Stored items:
■ ■ ■ ■ ■ ■ ■

Section LevelShadow.
Variable n : nat.
Implicit Types (B C : {set 'I_n}) (G : {set {set 'I_n}}).

Definition level_shadow m G :=
  [set B : {set 'I_n} | (#|B| == m) && [exists C in G, B \subset C]].

Lemma uniform_level_shadow m G : uniform m (level_shadow m G).
Proof. by apply/uniformP => B; rewrite inE => /andP[/eqP]. Qed.

Lemma sub_level_shadow t G : uniform t G -> G \subset level_shadow t G.
Proof.
move/uniformP=> uG; apply/subsetP=> C CG; rewrite inE uG // eqxx /=.
by apply/exists_inP; exists C.
Qed.

Lemma shadow_level_shadow m G : shadow (level_shadow m.+1 G) \subset level_shadow m G.
Proof.
apply/subsetP=> B /shadowP[x xB]; rewrite !inE cardsU1 xB add1n eqSS.
case/andP=> -> /exists_inP[C CG BC]; apply/exists_inP; exists C => //.
exact: subset_trans (subsetUr _ _) BC.
Qed.

Lemma card_level_shadow t j q G s : uniform t G -> cascade t j q ->
  \sum_(j <= i < t.+1) 'C(q i, i) <= #|G| -> s <= t ->
  \sum_(j <= i < t.+1) binom_shift (q i) i s <= #|level_shadow (t - s) G|.
Proof.
move=> uG ca sG; elim: s => [_|s IH st].
  rewrite subn0; apply: leq_trans (subset_leq_card (sub_level_shadow uG)).
  by apply: leq_trans sG; apply/eq_leq/eq_bigr => i _; rewrite /binom_shift ltn0 subn0.
have [j0 jt _ _] := ca.
set j1 := maxn j s.+1.
have ca1 : cascade (t - s) (j1 - s) (fun i => q (i + s)).
  by apply: cascade_offset; [apply: cascade_restrict ca _|]; lia.
have reidx (f : nat -> nat) :
    \sum_(j1 - s <= i < (t - s).+1) f (i + s) = \sum_(j1 <= i < t.+1) f i.
  by rewrite -subSn ?sum_offset //; lia.
have shadow_sum : \sum_(j1 - s <= i < (t - s).+1) 'C(q (i + s), i.-1) =
                  \sum_(j <= i < t.+1) binom_shift (q i) i s.+1.
  rewrite sum_binom_shift; last by lia.
  rewrite -/j1 -(reidx (fun i => 'C(q i, i - s.+1))).
  by apply: eq_bigr => i _; rewrite subnS addnK.
have size_sum : \sum_(j1 - s <= i < (t - s).+1) 'C(q (i + s), i) =
                \sum_(j1 <= i < t.+1) 'C(q i, i - s).
  by rewrite -(reidx (fun i => 'C(q i, i - s))); apply: eq_bigr => i _; rewrite addnK.
have := kruskal_katona (uniform_level_shadow (t - s) G) ca1.
rewrite shadow_sum size_sum => /(_ _)/leq_trans; apply.
- apply: leq_trans (IH (ltnW st)); rewrite sum_binom_shift; last by lia.
  by apply: leq_sum_subrange; lia.
- rewrite -subSS subSn //; apply/subset_leq_card/shadow_level_shadow.
Qed.

End LevelShadow.

Lemma level_shadow_compl_sub_neighborhood n k (Q : {set {set 'I_n}}) :
  kindependent Q -> level_shadow k [set ~: A | A in Q] \subset kneighborhood k Q.
Proof.
move=> indQ; apply/subsetP=> B; rewrite !inE => /andP[cB /exists_inP[_ /imsetP[A AQ ->] BA]].
have adjAB : kadj A B by rewrite /kadj disjoint_sym disjoints_subset.
rewrite /kvertex cB /=; apply/andP; split.
  by apply: contraL adjAB => BQ; apply: indQ.
by apply/exists_inP; exists A.
Qed.

Theorem lemma2p9 (n k : nat) (Q : {set {set 'I_n}}) (j : nat) (q : nat -> nat) :
  5 <= 2 * k + 1 -> 2 * k + 1 <= n ->
  kvertices k Q -> kindependent Q ->
  1 <= j -> j <= q j -> j <= n - k ->
  (forall i, j <= i < n - k -> q i < q i.+1) ->
  #|Q| = \sum_(j <= i < (n - k).+1) 'C(q i, i) ->
  \sum_(j <= i < (n - k).+1) binom_shift (q i) i (n - 2 * k) <= #|kneighborhood k Q|.
Proof.
move=> _ kn kvQ indQ j0 jq jt inc cardQ. (* the bound also holds for [k < 2] *)
set Qc := [set ~: A | A in Q].
have cardQc : #|Qc| = #|Q| by apply/card_imset/setC_inj.
have uQc : uniform (n - k) Qc.
  apply/uniformP => _ /imsetP[A AQ ->]; have := cardsC A; rewrite card_ord.
  by have /eqP := kvQ A AQ; lia.
have caq : cascade (n - k) j q by split.
have sQc : \sum_(j <= i < (n - k).+1) 'C(q i, i) <= #|Qc| by rewrite cardQc cardQ.
have s_le : n - 2 * k <= n - k by lia.
have := card_level_shadow uQc caq sQc s_le.
rewrite (_ : n - k - (n - 2 * k) = k); last by lia.
move/leq_trans; apply; exact/subset_leq_card/level_shadow_compl_sub_neighborhood.
Qed.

■ ■ ■ ■ ■ ■ ■

**Aim of the task:** Look through the entries above and find each line where the word "andP" occurs; copy those lines.

**Answer below:**
Proof. by apply/uniformP => B; rewrite inE => /andP[/eqP]. Qed.
case/andP=> -> /exists_inP[C CG BC]; apply/exists_inP; exists C => //.
move=> indQ; apply/subsetP=> B; rewrite !inE => /andP[cB /exists_inP[_ /imsetP[A AQ ->] BA]].
rewrite /kvertex cB /=; apply/andP; split.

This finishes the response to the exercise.